**Aim of the task**
Wherever the string "contraNT" appears in the records, return the line that holds it.

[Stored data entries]

Lemma grid_row_forked_below s : nice [set: T] -> (0 < s <= hP)%N ->
  exists x, forked_below (grid_row cP s) x.
Proof.
move=> niceP /andP [s_gt0 sh]; have [s1|s2] := leqP s 1.
  have /eqP es : s == 1%N by rewrite eqn_leq s1.
  subst s; have [j [i [ij _ lt _]]] := nice_bot secP niceP o0.
  exists (cP 0 i), (cP 1 i), (cP 1 j); split; rewrite ?mem_grid_row //.
    by apply: contra_neq ij => /(grid_inj gridP sh sh) [].
  by apply: (grid_ltS gridP).
exists (cP 0 o0), (cP s o0), (cP s o1); split; rewrite ?mem_grid_row ?row_ne //.
  by apply: (horizon2_row_of gridP horP); rewrite !row_of_grid.
by apply: (horizon2_row_of gridP horP); rewrite !row_of_grid.
Qed.

Lemma grid_row_forked_above s : nice [set: T] -> (s < hP)%N ->
  exists x, forked_above (grid_row cP s) x.
Proof.
move=> niceP sh; have [s1|s2] := leqP hP s.+1.
  have /eqP es : s.+1 == hP by rewrite eqn_leq sh s1.
  have eh : hP.-1 = s by rewrite -es.
  have [j [i [ij _ lt _]]] := nice_top secP niceP o0; rewrite eh in lt.
  exists (cP hP i), (cP s i), (cP s j); split; rewrite ?mem_grid_row //.
    by apply: contra_neq ij => /(grid_inj gridP (ltnW sh) (ltnW sh)) [].
  by rewrite -es; apply: (grid_ltS gridP); rewrite es.
have sh' := ltnW sh.
exists (cP hP o0), (cP s o0), (cP s o1); split; rewrite ?mem_grid_row ?row_ne //.
  by apply: (horizon2_row_of gridP horP); rewrite !row_of_grid // addn2.
by apply: (horizon2_row_of gridP horP); rewrite !row_of_grid // addn2.
Qed.

Section Retract.
Variables (f : T -> T) (R : {set T}).
Hypothesis f_mono : forall x y, x <= y -> f x <= f y.
Hypothesis f_in : forall x, f x \in R.
Hypothesis f_id : forall r, r \in R -> f r = r.

Lemma retract_row_below x z : x \in R -> ~~ (x <= f z) -> (row_of z <= (row_of x).+1)%N.
Proof.
move=> xR; apply: contraNT; rewrite -ltnNge -addn2 => gap.
by rewrite -(f_id xR) f_mono // ltW // (horizon2_row_of gridP horP).
Qed.

Lemma retract_row_above y z : y \in R -> ~~ (f z <= y) -> (row_of y <= (row_of z).+1)%N.
Proof.
move=> yR; apply: contraNT; rewrite -ltnNge -addn2 => gap.
by rewrite -(f_id yR) f_mono // ltW // (horizon2_row_of gridP horP).
Qed.

(* Take the threshold of [lev R (f _)] along the column: monotonicity of [f]
   squeezes the value just below it to [a] and just above it to [b]. *)
Lemma retract_column_step l a b : a \in level R l -> b \in level R l.+1 ->
  col_of a = col_of b -> a < b ->
  exists t, [/\ (t < hP)%N, f (cP t (col_of a)) = a & f (cP t.+1 (col_of a)) = b].
Proof.
move=> al bl ec ab; set j := col_of a.
have aR := subsetP (level_sub R l) a al; have bR := subsetP (level_sub R l.+1) b bl.
have ea : cP (row_of a) j = a := grid_coords gridP a.
have eb : cP (row_of b) j = b by rewrite /j ec grid_coords.
pose low t := (lev R (f (cP t j)) <= l)%N.
have low_a : low (row_of a) by rewrite /low ea f_id // (lev_eq al).
have high_b : ~~ low (row_of b) by rewrite /low eb f_id // (lev_eq bl) -ltnNge.
have [t [a_t tb lowt hight]] := exists_threshold (ltnW (row_of_lt gridP ab)) low_a high_b.
have th : (t < hP)%N := leq_trans tb (row_of_le gridP b).
rewrite /low in lowt hight.
exists t; split => //; apply/eqP/negPn/negP => ne.
- have : a < f (cP t j).
    by rewrite lt_neqAle eq_sym ne -(f_id aR) -ea f_mono // (grid_le gridP _ a_t (ltnW th)).
  by move=> /(lev_lt aR (f_in _)); rewrite (lev_eq al) ltnNge lowt.
- have : f (cP t.+1 j) < b.
    by rewrite lt_neqAle ne -(f_id bR) -eb f_mono // (grid_le gridP _ tb (row_of_le gridP _)).
  by move=> /(lev_lt (f_in _) bR); rewrite (lev_eq bl) ltnS; exact/negP.
Qed.

(* [x] and [y] pin the two levels to the rows of [P] where [f] jumps, so two
   rows of [P] would contain a complete 2x2 pattern. *)
Lemma retract_forked_levels l : #|level R l| = 3 -> #|level R l.+1| = 3 ->
  set_lt (level R l) (level R l.+1) ->
  (forall a, a \in level R l ->
     exists x, [/\ x \in R, forked_below (level R l) x & ~~ (x <= a)]) ->
  (forall b, b \in level R l.+1 ->
     exists y, [/\ y \in R, forked_above (level R l.+1) y & ~~ (b <= y)]) ->
  False.
Proof.
move=> l3 l3' lt_l fork_l fork_l'.
have [a al] : exists a, a \in level R l by apply/set0Pn; rewrite -card_gt0 l3.
have [b bl bj] := antichain3_col gridP (col_of a) (level_antichain R l.+1) l3'.
have [t [th fa fb]] := retract_column_step al bl (esym bj) (lt_l a b al bl).
have [x [xR [a1 [a2 [a1l a2l a12 xa1 xa2]]] nxa]] := fork_l a al.
have [y [yR [b1 [b2 [b1l b2l b12 b1y b2y]]] nby]] := fork_l' b bl.
have rx := retract_row_below (z := cP t (col_of a)) xR.
rewrite fa (row_of_grid gridP _ (ltnW th)) in rx; have {}rx := rx nxa.
have ry := retract_row_above (z := cP t.+1 (col_of a)) yR.
rewrite fb (row_of_grid gridP _ th) in ry; have {}ry := ry nby.
have rlt u v : u < v -> (row_of u < row_of v)%N by exact: (row_of_lt gridP).
have pin u v : x < u -> u < v -> v < y -> row_of u = t /\ row_of v = t.+1.
  move=> /rlt xu /rlt uv /rlt vy; move: rx ry; clear -xu uv vy; lia.
have [ra1 rb1] := pin _ _ xa1 (lt_l _ _ a1l b1l) b1y.
have [ra2 _] := pin _ _ xa2 (lt_l _ _ a2l b1l) b1y.
have [_ rb2] := pin _ _ xa1 (lt_l _ _ a1l b2l) b2y.
by apply: (rows_2x2_not_lt th ra1 ra2 rb1 rb2 a12 b12); split; apply: lt_l.
Qed.

Variable s : seq {set T}.
Hypothesis s_nice : forall i, (i < size s)%N -> nice_section (nth set0 s i).
Hypothesis s_lt : forall i j, (i < j < size s)%N -> set_lt (nth set0 s i) (nth set0 s j).
Hypothesis s_cover : \bigcup_(X <- s) X = R.

Lemma tower_top_forked l : #|level R l| = 3 -> set_lt (level R l) (level R l.+1) ->
  forall a, a \in level R l ->
  exists x, [/\ x \in R, forked_below (level R l) x & ~~ (x <= a)].
Proof.
move=> l3 lt_l.
have [p [c [b [ps secc nicep cR [bl kh eL]]]]] := tower_level_row s_nice s_lt s_cover l3.
set S := nth set0 s p in secc nicep cR kh eL; have [gridS h_gt0 no33S] := secc.
have /eqP top : (l - b == height S)%N.
  rewrite eqn_leq kh leqNgt; apply/negP => kh'; apply: (@no33S (l - b)).
  apply: (grid_type33 gridS kh') => i j; apply: lt_l; first by rewrite eL mem_grid_row.
  by have := cR _ j kh'; rewrite addnS subnKC.
rewrite {}eL {}top => _ /imsetP [m _ ->].
have [j [i [ij xj xi nxm]]] := nice_top secc nicep m.
set h := height S in gridS h_gt0 xj xi nxm *; have hh : (h.-1 <= h)%N := leq_pred h.
exists (c h.-1 j); split.
- exact: subsetP (tower_sub s_cover ps) _ (grid_mem gridS j hh).
- exists (c h j), (c h i); split; rewrite ?mem_grid_row //.
  by apply: contra_neq ij => /(grid_inj gridS (leqnn h) (leqnn h)) [_ ->].
- rewrite le_eqVlt negb_or nxm andbT; apply/eqP => /(grid_inj gridS hh (leqnn h)) [].
  by rewrite -[h in _ = h](prednK h_gt0) => /n_Sn.
Qed.

Lemma tower_bot_forked l : #|level R l.+1| = 3 -> set_lt (level R l) (level R l.+1) ->
  forall b, b \in level R l.+1 ->
  exists y, [/\ y \in R, forked_above (level R l.+1) y & ~~ (b <= y)].
Proof.
move=> l3 lt_l.
have [p [c [b [ps secc nicep cR [bl kh eL]]]]] := tower_level_row s_nice s_lt s_cover l3.
set S := nth set0 s p in secc nicep cR kh eL; have [gridS h_gt0 no33S] := secc.
have /eqP bot : (l.+1 - b == 0)%N.
  rewrite -leqn0 leqNgt; apply/negP => k_gt0.
  have ek : (l.+1 - b).-1.+1 = (l.+1 - b)%N by rewrite prednK.
  have kh' : ((l.+1 - b).-1 < height S)%N by rewrite ek.
  apply: (@no33S (l.+1 - b).-1); apply: (grid_type33 gridS kh') => i j.
  rewrite ek; apply: lt_l; last by rewrite eL mem_grid_row.
  have el : (b + (l.+1 - b).-1)%N = l by move: k_gt0; clear; lia.
  by have := cR _ i (ltnW kh'); rewrite el.
rewrite {}eL {}bot => _ /imsetP [m _ ->].
have [j [i [ij jy iy nmy]]] := nice_bot secc nicep m.
exists (c 1 j); split.
- exact: subsetP (tower_sub s_cover ps) _ (grid_mem gridS j h_gt0).
- exists (c 0 j), (c 0 i); split; rewrite ?mem_grid_row //.
  by apply: contra_neq ij => /(grid_inj gridS (leq0n _) (leq0n _)) [_ ->].
- rewrite le_eqVlt negb_or nmy andbT.
  by apply/eqP => /(grid_inj gridS (leq0n _) h_gt0) [].
Qed.

Lemma retract_tower_no_type33 l : ~ type33 (level R l :|: level R l.+1).
Proof.
move=> [A [B [[eqU _ A3] [B3 _ _ AB]]]].
have [eA eB] := type33_levels eqU (ltac:(by rewrite A3)) (ltac:(by rewrite B3)) AB.
subst A B; apply: (retract_forked_levels A3 B3 AB).
- exact: tower_top_forked.
- exact: tower_bot_forked.
Qed.

Lemma retract_level_grid_row m : #|level R m| = 3 ->
  exists2 k, (k <= hP)%N & level R m = grid_row cP k.
Proof.
move=> m3; have [p [c [b [_ secc _ _ [_ kh ->]]]]] := tower_level_row s_nice s_lt s_cover m3.
exact: section_row_is_row secc _ kh.
Qed.

Lemma retract_min_not_forked x : ~ forked_below (level R 0) x.
Proof.
move=> [a1 [a2 [a1l a2l a12 xa1 xa2]]].
have fx_eq a : a \in level R 0 -> x < a -> f x = a.
  move=> al xa; apply: (le_level0 (f_in x) al).
  by rewrite -(f_id (subsetP (level_sub R 0) a al)) f_mono // ltW.
by move: a12; rewrite -(fx_eq a1) // -(fx_eq a2) // eqxx.
Qed.

Lemma retract_max_not_forked x : ~ forked_above (level R (height R)) x.
Proof.
move=> [a1 [a2 [a1l a2l a12 a1x a2x]]].
have fx_eq a : a \in level R (height R) -> a < x -> f x = a.
  move=> al ax; apply: (ge_level_height (f_in x) al).
  by rewrite -(f_id (subsetP (level_sub R _) a al)) f_mono // ltW.
by move: a12; rewrite -(fx_eq a1) // -(fx_eq a2) // eqxx.
Qed.

Hypothesis niceP : nice [set: T].
Hypothesis levels3 : forall l, (l <= height R)%N -> #|level R l| = 3.

Lemma retract_levels_rows m : (m <= height R)%N -> (m <= hP)%N /\ level R m = grid_row cP m.
Proof.
elim: m => [_|m IH mR].
  have [k kh e0] := retract_level_grid_row (levels3 (leq0n _)).
  suff k0 : k = 0%N by rewrite e0 k0.
  apply/eqP; rewrite -leqn0 leqNgt; apply/negP => k_gt0.
  have [x] := @grid_row_forked_below k niceP (ltac:(by rewrite k_gt0 kh)).
  by rewrite -e0; exact: retract_min_not_forked.
have [mh em] := IH (ltnW mR).
have [k kh ek] := retract_level_grid_row (levels3 mR).
have k_in : cP k o0 \in level R m.+1 by rewrite ek mem_grid_row.
have [x xm x_lt] := level_pred k_in.
have mk : (m < k)%N.
  by move: xm x_lt; rewrite em => /imsetP [i _ ->] /(grid_lt_row gridP mh kh).
suff ekm : k = m.+1 by subst k; split.
apply/eqP; rewrite eqn_leq mk andbT leqNgt; apply/negP => gap.
apply: (@retract_tower_no_type33 m); exists (level R m), (level R m.+1).
split; split; rewrite ?levels3 ?(ltnW mR) ?level_antichain //.
- apply/setP => z; rewrite in_setI in_set0; apply/negbTE/negP => /andP [zm zm'].
  by have := level_uniq zm zm'; lia.
- rewrite em ek => _ _ /imsetP [i _ ->] /imsetP [j _ ->].
  by apply: (horizon2_row_of gridP horP); rewrite !row_of_grid // addn2.
Qed.

Lemma retract_tower_full : R = [set: T].
Proof.
have [hR eR] := retract_levels_rows (leqnn (height R)).
have top : height R = hP.
  apply/eqP; rewrite eqn_leq hR leqNgt; apply/negP => lt_hP.
  have [x] := grid_row_forked_above niceP lt_hP.
  by rewrite -eR; exact: retract_max_not_forked.
apply/setP => y; rewrite inE -(grid_coords gridP y).
have yR : (row_of y <= height R)%N by rewrite top row_of_le.
have [_ ey] := retract_levels_rows yR.
by apply: (subsetP (level_sub R (row_of y))); rewrite ey mem_grid_row.
Qed.

End Retract.

End Ambient.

**Answer section**
move=> xR; apply: contraNT; rewrite -ltnNge -addn2 => gap.
move=> yR; apply: contraNT; rewrite -ltnNge -addn2 => gap.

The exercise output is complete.